(* Let $X$ be a real Hilbert space, $f:X\to\mathbb{R}\cup\{+\infty\}$ a proper $\Phi_{lsc}$-convex function and $\bar x\in\mathrm{dom}(f)$. Then $\partial_{lsc}f(\bar x)\neq\emptyset$ if and only if $\partial_P f(\bar x)\ne\emptyset$.
   Context: $\Phi_{lsc}$ is the class of functions $\varphi(x)=-a\|x\|^2+\langle v,x\rangle+c$ ($a\ge0$, $v\in X^*$, $c\in\mathbb{R}$); $f$ is $\Phi_{lsc}$-convex if it is the pointwise supremum of the $\varphi\in\Phi_{lsc}$ with $\varphi\le f$; proper means at least one such $\varphi$ exists and $\mathrm{dom}(f)=\{x:f(x)<+\infty\}\ne\emptyset$. $\partial_{lsc}f(\bar x)$ is the set of $(a,v)\in\mathbb{R}_+\times X^*$ with $f(x)-f(\bar x)\ge\langle v,x-\bar x\rangle-a\|x\|^2+a\|\bar x\|^2$ for all $x\in X$. The proximal subdifferential $\partial_Pf(\bar x)$ is the set of $v\in X^*$ for which there exist $\delta>0$ and $\rho\ge0$ with $f(x)\ge f(\bar x)+\langle v,x-\bar x\rangle-\tfrac12\rho\|x-\bar x\|^2$ for all $x$ with $\|x-\bar x\|<\delta$. *)

From Stdlib Require Import Reals.
Open Scope R_scope.

Record HilbertSpace := {
  hcar :> Type;
  hadd : hcar -> hcar -> hcar;
  hopp : hcar -> hcar;
  hzero : hcar;
  hscal : R -> hcar -> hcar;
  hinner : hcar -> hcar -> R;
  hadd_assoc : forall x y z, hadd x (hadd y z) = hadd (hadd x y) z;
  hadd_comm : forall x y, hadd x y = hadd y x;
  hadd_zero : forall x, hadd x hzero = x;
  hadd_opp : forall x, hadd x (hopp x) = hzero;
  hscal_one : forall x, hscal 1 x = x;
  hscal_assoc : forall a b x, hscal a (hscal b x) = hscal (a * b) x;
  hscal_distr_l : forall a x y, hscal a (hadd x y) = hadd (hscal a x) (hscal a y);
  hscal_distr_r : forall a b x, hscal (a + b) x = hadd (hscal a x) (hscal b x);
  hinner_sym : forall x y, hinner x y = hinner y x;
  hinner_add_l : forall x y z, hinner (hadd x y) z = hinner x z + hinner y z;
  hinner_scal_l : forall a x y, hinner (hscal a x) y = a * hinner x y;
  hinner_pos : forall x, 0 <= hinner x x;
  hinner_def : forall x, hinner x x = 0 -> x = hzero;
  hcomplete : forall u : nat -> hcar,
    (forall eps, eps > 0 -> exists N : nat, forall m n, (m >= N)%nat -> (n >= N)%nat ->
        sqrt (hinner (hadd (u m) (hopp (u n))) (hadd (u m) (hopp (u n)))) < eps) ->
    exists l, forall eps, eps > 0 -> exists N : nat, forall n, (n >= N)%nat ->
        sqrt (hinner (hadd (u n) (hopp l)) (hadd (u n) (hopp l))) < eps
}.

Section Ops.
Variable X : HilbertSpace.
Definition hsub (x y : X) : X := hadd X x (hopp X y).
Definition hnorm (x : X) : R := sqrt (hinner X x x).

(** Topological dual X^*: continuous (= bounded) linear functionals. *)
Definition is_dual (v : X -> R) : Prop :=
  (forall x y, v (hadd X x y) = v x + v y) /\
  (forall a x, v (hscal X a x) = a * v x) /\
  (exists M, forall x, Rabs (v x) <= M * hnorm x).
End Ops.
Arguments hsub {X}.
Arguments hnorm {X}.
Arguments is_dual {X}.

Inductive ERp := Fin (r : R) | PInf.

Definition ERle (a b : ERp) : Prop :=
  match a, b with
  | _, PInf => True
  | PInf, Fin _ => False
  | Fin x, Fin y => x <= y
  end.

Definition ERlt (a b : ERp) : Prop :=
  match a, b with
  | Fin x, PInf => True
  | PInf, _ => False
  | Fin x, Fin y => x < y
  end.

(** real part (used only on points of the domain) *)
Definition ERval (a : ERp) : R := match a with Fin r => r | PInf => 0 end.

Section PhiConvex.
Variable X : HilbertSpace.

Definition dom (f : X -> ERp) (x : X) : Prop := exists r, f x = Fin r.

Definition phi_lsc (a : R) (v : X -> R) (c : R) (x : X) : R :=
  - a * (hnorm x) ^ 2 + v x + c.

Definition in_Phi_lsc (a : R) (v : X -> R) : Prop := 0 <= a /\ is_dual v.

Definition Phi_minorant (f : X -> ERp) (a : R) (v : X -> R) (c : R) : Prop :=
  in_Phi_lsc a v /\ forall x, ERle (Fin (phi_lsc a v c x)) (f x).

(** f is the pointwise supremum of its Phi_lsc minorants *)
Definition Phi_lsc_convex (f : X -> ERp) : Prop :=
  forall x, forall r : R, ERlt (Fin r) (f x) ->
    exists a v c, Phi_minorant f a v c /\ r < phi_lsc a v c x.
(* (the upper-bound half of "f x = sup" holds by definition of minorant) *)

Definition proper_Phi (f : X -> ERp) : Prop :=
  (exists a v c, Phi_minorant f a v c) /\ (exists x, dom f x).

Definition subdiff_lsc (f : X -> ERp) (xbar : X) (a : R) (v : X -> R) : Prop :=
  0 <= a /\ is_dual v /\
  forall x, ERle (Fin (ERval (f xbar) + v (hsub x xbar)
                       - a * (hnorm x) ^ 2 + a * (hnorm xbar) ^ 2)) (f x).

Definition subdiff_P (f : X -> ERp) (xbar : X) (v : X -> R) : Prop :=
  is_dual v /\
  exists delta rho, delta > 0 /\ rho >= 0 /\
    forall x, hnorm (hsub x xbar) < delta ->
      ERle (Fin (ERval (f xbar) + v (hsub x xbar)
                 - / 2 * rho * (hnorm (hsub x xbar)) ^ 2)) (f x).
End PhiConvex.
Arguments dom {X}.
Arguments Phi_lsc_convex {X}.
Arguments proper_Phi {X}.
Arguments subdiff_lsc {X}.
Arguments subdiff_P {X}.

(* Recentred at xbar, the Φ_lsc-subgradient inequality with modulus a is exactly
   a proximal inequality with modulus 2a holding on all of X (the linear part
   absorbs the cross term -2a<xbar, x - xbar>).  Conversely, a proximal
   subgradient only gives the inequality on a ball of radius d. *)

From Stdlib Require Import Reals Lra Psatz.
Open Scope R_scope.

Lemma ERle_Fin_trans (a b : R) (y : ERp) : a <= b -> ERle (Fin b) y -> ERle (Fin a) y.
Proof. destruct y as [y|]; simpl; [lra | trivial]. Qed.

Lemma quadratic_dominates_affine (d B K : R) :
  0 < d -> exists C, forall t, d <= t -> B * t + K <= C * t ^ 2.
Proof.
  intros Hd. assert (HB := Rabs_pos B). assert (HK := Rabs_pos K).
  exists ((Rabs B * d + Rabs K) / d ^ 2). intros t Ht.
  set (u := t / d).
  assert (Et : t = d * u) by (unfold u; field; lra).
  assert (Hu : 1 <= u).
  { apply Rmult_le_reg_l with d; [exact Hd|]. lra. }
  replace ((Rabs B * d + Rabs K) / d ^ 2 * t ^ 2)
    with ((Rabs B * d + Rabs K) * u ^ 2) by (rewrite Et; field; lra).
  rewrite Et.
  assert (HBu : B * (d * u) <= Rabs B * d * u ^ 2).
  { assert (B * (d * u) <= Rabs B * (d * u))
      by (apply Rmult_le_compat_r; [nra | apply Rle_abs]).
    assert (Rabs B * d * u <= Rabs B * d * u ^ 2)
      by (apply Rmult_le_compat_l; nra).
    lra. }
  assert (HKu : K <= Rabs K * u ^ 2).
  { assert (K <= Rabs K) by apply Rle_abs. assert (1 <= u ^ 2) by nra. nra. }
  lra.
Qed.

Section InnerProduct.
Variable X : HilbertSpace.
Local Notation ip := (hinner X).

Lemma hinner_add_r (x y z : X) : ip x (hadd X y z) = ip x y + ip x z.
Proof. rewrite !(hinner_sym X x). apply hinner_add_l. Qed.

Lemma hinner_scal_r (a : R) (x y : X) : ip x (hscal X a y) = a * ip x y.
Proof. rewrite !(hinner_sym X x). apply hinner_scal_l. Qed.

Lemma hinner_zero_r (x : X) : ip x (hzero X) = 0.
Proof.
  assert (H := hinner_add_r x (hzero X) (hzero X)).
  rewrite hadd_zero in H. lra.
Qed.

Lemma hnorm_ge0 (x : X) : 0 <= hnorm x.
Proof. apply sqrt_pos. Qed.

Lemma hnorm_sqr (x : X) : hnorm x ^ 2 = ip x x.
Proof. apply pow2_sqrt, hinner_pos. Qed.

Lemma hinner_add_add (x y : X) :
  ip (hadd X x y) (hadd X x y) = ip x x + 2 * ip x y + ip y y.
Proof. rewrite hinner_add_l, !hinner_add_r, (hinner_sym X y x). ring. Qed.

Lemma Cauchy_Schwarz_sqr (x y : X) : ip x y ^ 2 <= ip x x * ip y y.
Proof.
  destruct (Req_dec (ip y y) 0) as [Hy|Hy].
  - apply hinner_def in Hy. subst y. rewrite !hinner_zero_r.
    assert (T := hinner_pos X x). nra.
  - assert (Hp : 0 < ip y y) by (assert (T := hinner_pos X y); lra).
    (* expand 0 <= ||x + t y||^2 at the minimising t = -<x,y>/||y||^2 *)
    assert (H := hinner_pos X (hadd X x (hscal X (- ip x y / ip y y) y))).
    rewrite hinner_add_add, hinner_scal_r, hinner_scal_l, hinner_scal_r in H.
    replace (ip x x + 2 * (- ip x y / ip y y * ip x y)
               + - ip x y / ip y y * (- ip x y / ip y y * ip y y))
      with ((ip x x * ip y y - ip x y ^ 2) / ip y y) in H by (field; lra).
    assert (0 <= ip x x * ip y y - ip x y ^ 2).
    { apply Rmult_le_reg_r with (/ ip y y); [apply Rinv_0_lt_compat; lra|].
      rewrite Rmult_0_l. exact H. }
    lra.
Qed.

Lemma Cauchy_Schwarz (x y : X) : Rabs (ip x y) <= hnorm x * hnorm y.
Proof.
  apply Rsqr_incr_0_var.
  - rewrite Rsqr_mult, <- Rsqr_abs, !Rsqr_pow2, !hnorm_sqr. apply Cauchy_Schwarz_sqr.
  - apply Rmult_le_pos; apply hnorm_ge0.
Qed.

Lemma two_hinner_le (x y : X) : 2 * ip x y <= hnorm x ^ 2 + hnorm y ^ 2.
Proof.
  assert (H := Cauchy_Schwarz x y). assert (T := Rle_abs (ip x y)).
  assert (T2 := pow2_ge_0 (hnorm x - hnorm y)). nra.
Qed.

Lemma hsubK (x y : X) : hadd X (hsub x y) y = x.
Proof.
  unfold hsub. rewrite <- hadd_assoc, (hadd_comm X (hopp X y)), hadd_opp.
  apply hadd_zero.
Qed.

Lemma hnorm_sqr_recentre (x xb : X) :
  hnorm x ^ 2 = hnorm (hsub x xb) ^ 2 + 2 * ip xb (hsub x xb) + hnorm xb ^ 2.
Proof.
  rewrite !hnorm_sqr. rewrite <- (hsubK x xb) at 1 2.
  rewrite hinner_add_add, (hinner_sym X (hsub x xb) xb). ring.
Qed.

Lemma is_dual_add_inner (v : X -> R) (c : R) (xb : X) :
  is_dual v -> is_dual (fun h => v h + c * ip xb h).
Proof.
  intros [Hadd [Hscal [M HM]]]. split; [|split].
  - intros x y. rewrite Hadd, hinner_add_r. ring.
  - intros a x. rewrite Hscal, hinner_scal_r. ring.
  - exists (M + Rabs c * hnorm xb). intros x.
    eapply Rle_trans; [apply Rabs_triang|]. rewrite Rabs_mult.
    assert (T := HM x).
    assert (Rabs c * Rabs (ip xb x) <= Rabs c * (hnorm xb * hnorm x))
      by (apply Rmult_le_compat_l; [apply Rabs_pos | apply Cauchy_Schwarz]).
    lra.
Qed.

End InnerProduct.

Section Subdifferentials.
Variable X : HilbertSpace.
Variable f : X -> ERp.
Variable xbar : X.

(* the proximal inequality with modulus 2A, required on all of X *)
Definition quadratic_support (w : X -> R) (A : R) : Prop :=
  forall x, ERle (Fin (ERval (f xbar) + w (hsub x xbar) - A * hnorm (hsub x xbar) ^ 2)) (f x).

Lemma quadratic_support_of_subdiff_lsc (a : R) (v : X -> R) :
  subdiff_lsc f xbar a v ->
  quadratic_support (fun h => v h + (- 2 * a) * hinner X xbar h) a.
Proof.
  intros [_ [_ Hv]] x. eapply ERle_Fin_trans; [|apply Hv].
  rewrite (hnorm_sqr_recentre X x xbar). apply Req_le. ring.
Qed.

Lemma subdiff_lsc_of_quadratic_support (w : X -> R) (A : R) :
  is_dual w -> 0 <= A -> quadratic_support w A ->
  subdiff_lsc f xbar A (fun h => w h + 2 * A * hinner X xbar h).
Proof.
  intros Hw HA Hq. split; [exact HA | split; [apply is_dual_add_inner, Hw|]].
  intros x. eapply ERle_Fin_trans; [|apply Hq].
  rewrite (hnorm_sqr_recentre X x xbar). apply Req_le. ring.
Qed.

Lemma subdiff_P_of_quadratic_support (w : X -> R) (A : R) :
  is_dual w -> 0 <= A -> quadratic_support w A -> subdiff_P f xbar w.
Proof.
  intros Hw HA Hq. split; [exact Hw|].
  exists 1, (2 * A). split; [lra | split; [lra|]].
  intros x _. eapply ERle_Fin_trans; [|apply Hq]. apply Req_le. field.
Qed.

Lemma Phi_minorant_quadratic_lower_bound (a0 : R) (v0 : X -> R) (c0 : R) :
  Phi_minorant X f a0 v0 c0 ->
  exists a b c, forall x,
    ERle (Fin (c - b * hnorm (hsub x xbar) - a * hnorm (hsub x xbar) ^ 2)) (f x).
Proof.
  intros [[Ha0 Hv0] Hmin].
  pose proof Hv0 as [Hadd [_ [M HM]]].
  exists (2 * a0), M, (v0 xbar + c0 - 2 * a0 * hnorm xbar ^ 2).
  intros x. eapply ERle_Fin_trans; [|apply Hmin]. unfold phi_lsc.
  set (h := hsub x xbar).
  assert (Ev : v0 x = v0 h + v0 xbar).
  { rewrite <- Hadd. unfold h. now rewrite hsubK. }
  rewrite Ev, (hnorm_sqr_recentre X x xbar). fold h.
  assert (Hip := two_hinner_le X xbar h).
  assert (Hvh : - (M * hnorm h) <= v0 h).
  { assert (T := HM h). rewrite <- Rabs_Ropp in T. assert (T2 := Rle_abs (- v0 h)). lra. }
  assert (a0 * (2 * hinner X xbar h) <= a0 * (hnorm xbar ^ 2 + hnorm h ^ 2))
    by (apply Rmult_le_compat_l; lra).
  lra.
Qed.

Lemma quadratic_support_of_subdiff_P (a0 : R) (v0 : X -> R) (c0 : R) (v : X -> R) :
  Phi_minorant X f a0 v0 c0 -> dom f xbar -> subdiff_P f xbar v ->
  exists A, 0 <= A /\ quadratic_support v A.
Proof.
  intros Hmin [r Hr] [Hv [d [rho [Hd [Hrho Hloc]]]]].
  destruct (Phi_minorant_quadratic_lower_bound a0 v0 c0 Hmin)
    as [a [b [c Hlow]]].
  pose proof Hv as [_ [_ [M HM]]].
  destruct (quadratic_dominates_affine d (M + b) (r - c) Hd) as [C HCt].
  exists (Rmax (/ 2 * rho) (a + C)). split.
  { eapply Rle_trans; [|apply Rmax_l]. lra. }
  intros x. set (h := hsub x xbar).
  assert (Ht0 : 0 <= hnorm h ^ 2) by apply pow2_ge_0.
  destruct (Rlt_le_dec (hnorm h) d) as [Hnear|Hfar].
  - eapply ERle_Fin_trans; [|apply (Hloc x Hnear)]. fold h.
    assert (/ 2 * rho * hnorm h ^ 2 <= Rmax (/ 2 * rho) (a + C) * hnorm h ^ 2)
      by (apply Rmult_le_compat_r; [exact Ht0 | apply Rmax_l]).
    lra.
  - eapply ERle_Fin_trans; [|apply Hlow]. fold h. rewrite Hr. simpl.
    assert (T := HCt _ Hfar).
    assert (v h <= M * hnorm h) by (eapply Rle_trans; [apply Rle_abs | apply HM]).
    assert ((a + C) * hnorm h ^ 2 <= Rmax (/ 2 * rho) (a + C) * hnorm h ^ 2)
      by (apply Rmult_le_compat_r; [exact Ht0 | apply Rmax_r]).
    lra.
Qed.

End Subdifferentials.

Theorem mainTheorem8 (X : HilbertSpace) (f : X -> ERp) (xbar : X) :
  proper_Phi f -> Phi_lsc_convex f -> dom f xbar ->
  ((exists a v, subdiff_lsc f xbar a v) <-> (exists v, subdiff_P f xbar v)).
Proof.
  intros [[a0 [v0 [c0 Hmin]]] _] _ Hdom. split.
  - intros [a [v Hsub]]. pose proof Hsub as [Ha [Hv _]].
    exists (fun h => v h + (- 2 * a) * hinner X xbar h).
    apply (subdiff_P_of_quadratic_support X f xbar _ a).
    + apply is_dual_add_inner, Hv.
    + exact Ha.
    + apply quadratic_support_of_subdiff_lsc, Hsub.
  - intros [v Hsub].
    destruct (quadratic_support_of_subdiff_P X f xbar a0 v0 c0 v Hmin Hdom Hsub)
      as [A [HA Hq]].
    exists A, (fun h => v h + 2 * A * hinner X xbar h).
    apply subdiff_lsc_of_quadratic_support; [apply Hsub | exact HA | exact Hq].
Qed.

Problem statement - Show every line of the material that includes the string "InnerProduct".

Response area -
Section InnerProduct.
End InnerProduct.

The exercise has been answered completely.